# Activity
Consider the data that follows and state how many lines contain the string "hmXD", using the number alone.

Stored items from a collection
Lemma mpoly_splitX (a : {mpoly F[n]}) :
  exists P Q : {mpoly F[n]},
    (forall m, m \in msupp P -> m ix = 0%N) /\ a = P + 'X_ix * Q.
Proof.
elim/mpolyind: a => [|c m a _ _ [P [Q [PX ->]]]].
  by exists 0, 0; rewrite msupp0 mulr0 addr0.
have [m_ix0|m_ix_gt0] := eqVneq (m ix) 0%N.
  exists (c *: 'X_[m] + P), Q; split; last by rewrite addrA.
  move=> m' /msuppD_le; rewrite mem_cat => /orP [/msuppZ_le|/PX //].
  by rewrite msuppX inE => /eqP ->.
have Um : (U_(ix) <= m)%MM.
  by apply/mnm_lepP => j; rewrite mnm1E; case: eqP => [<-|_] //=; rewrite lt0n.
exists P, (c *: 'X_[m - U_(ix)] + Q); split => //.
by rewrite -{1}(submK Um) mpolyXD mulrDr -scalerAr mulrC addrCA.
Qed.

Variable H : {mpoly F[n]}.
Let h := 1 + 'X_ix * H.

Let meval0_hX m : meval (fun=> 0) (h ^+ m) = 1.
Proof. by rewrite rmorphXn /= mevalD mevalM mevalXU meval1 mul0r addr0 expr1n. Qed.

Lemma oneDXM_neq0 : h != 0.
Proof.
by apply: contra_eq_neq (meval0_hX 1) => ->; rewrite meval0 eq_sym oner_neq0.
Qed.

Lemma localized_chart_decomp v : localized h v -> has_chart_decomp ix v.
Proof.
move=> [a [m ->]]; have [P [Q [PX ->]]] := mpoly_splitX a.
have [E hmE] : exists E, h ^+ m = 1 + 'X_ix * E.
  exists (H * \sum_(i < m) h ^+ i).
  by apply/eqP; rewrite addrC -subr_eq subrX1 /h addrAC subrr add0r mulrA.
exists P, (Q - P * E), (h ^+ m); split => //; split.
  move=> [D hmXD]; have := meval0_hX m.
  by rewrite hmXD mevalM mevalXU mul0r => /eqP; rewrite eq_sym oner_eq0.
have : (h ^+ m)%:F != 0 by rewrite tofrac_eq0 expf_neq0 // oneDXM_neq0.
rewrite -rmorphXn hmE !(rmorphD, rmorphN, rmorphM, rmorph1) /=.
exact: divf_decomp.
Qed.

End ChartDecomposition.

Section TraceOfProducts.
Variables (R : comPzRingType) (n : nat).

Lemma mxtrace_prod_conj (D D' : 'M[R]_n.+1) m (A : 'I_m -> 'M_n.+1) :
  D * D' = 1 -> D' * D = 1 ->
  \tr (\prod_(i < m) (D * A i * D')) = \tr (\prod_(i < m) A i).
Proof.
move=> DD' D'D; pose conj B := D * B * D'.
have conjM : {morph conj : B C / B * C}.
  by move=> B C; rewrite /conj !mulrA -[D * B * D' * D]mulrA D'D mulr1.
rewrite -(big_morph conj conjM (_ : conj 1 = 1)) /conj; last by rewrite mulr1.
by rewrite -mulrA -mulmxE mxtrace_mulC !mulmxE -mulrA D'D mulr1.
Qed.

Lemma mxtrace_prod_rot m (P Q : nat -> 'M[R]_n.+1) :
  \tr (\prod_(i < m.+1) (P i * Q i)) =
  \tr (\prod_(i < m.+1) (Q i * P (i.+1 %% m.+1)%N)).
Proof.
have shift k : \prod_(i < k.+1) (P i * Q i) =
               P 0%N * (\prod_(i < k) (Q i * P i.+1)) * Q k.
  elim: k => [|k IH]; first by rewrite big_ord1 big_ord0 mulr1.
  by rewrite big_ord_recr /= IH big_ord_recr /= !mulrA.
rewrite shift -mulrA -mulmxE mxtrace_mulC !mulmxE -mulrA big_ord_recr /= modnn.
by under [in RHS]eq_bigr => i _ do rewrite modn_small ?ltnS //.
Qed.

End TraceOfProducts.

Lemma natr_rev_succ (R : nzRingType) p i : p \in [pchar R] -> (i < p)%N ->
  (p.-1 - i.+1 %% p)%N%:R = (p.-1 - i)%N%:R - 1 :> R.
Proof.
move=> pcharR; rewrite leq_eqVlt => /predU1P[ip | ilt].
  rewrite ip modnn subn0 -ip /= subnn sub0r; apply/eqP.
  by rewrite -addr_eq0 -mulrSr ip (pcharf0 pcharR).
have -> : (p.-1 - i = (p.-1 - i.+1).+1)%N by lia.
by rewrite modn_small // mulrSr addrK.
Qed.

Definition mx2 (T : Type) (a b c d : T) : 'M[T]_2 :=
  \matrix_(i, j) if i == 0 then (if j == 0 then a else b)
                 else (if j == 0 then c else d).

Lemma ord2P (i : 'I_2) : i = 0 \/ i = 1.
Proof. by case: i => [[|[|//]] Hi]; [left|right]; apply/val_inj. Qed.

Lemma matrix_mx2 (T : Type) (E : 'I_2 -> 'I_2 -> T) :
  \matrix_(i, j) E i j = mx2 (E 0 0) (E 0 1) (E 1 0) (E 1 1).
Proof.
by apply/matrixP => i j; rewrite !mxE; case: (ord2P i) => ->; case: (ord2P j) => ->.
Qed.

Lemma mx2_mul (R : pzRingType) (a b c d a' b' c' d' : R) :
  mx2 a b c d * mx2 a' b' c' d' =
  mx2 (a * a' + b * c') (a * b' + b * d') (c * a' + d * c') (c * b' + d * d').
Proof.
apply/matrixP => i j; rewrite -mulmxE !mxE !big_ord_recl big_ord0 !mxE addr0 /=.
by case: (ord2P i) => ->; case: (ord2P j) => ->.
Qed.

# Output of the task
2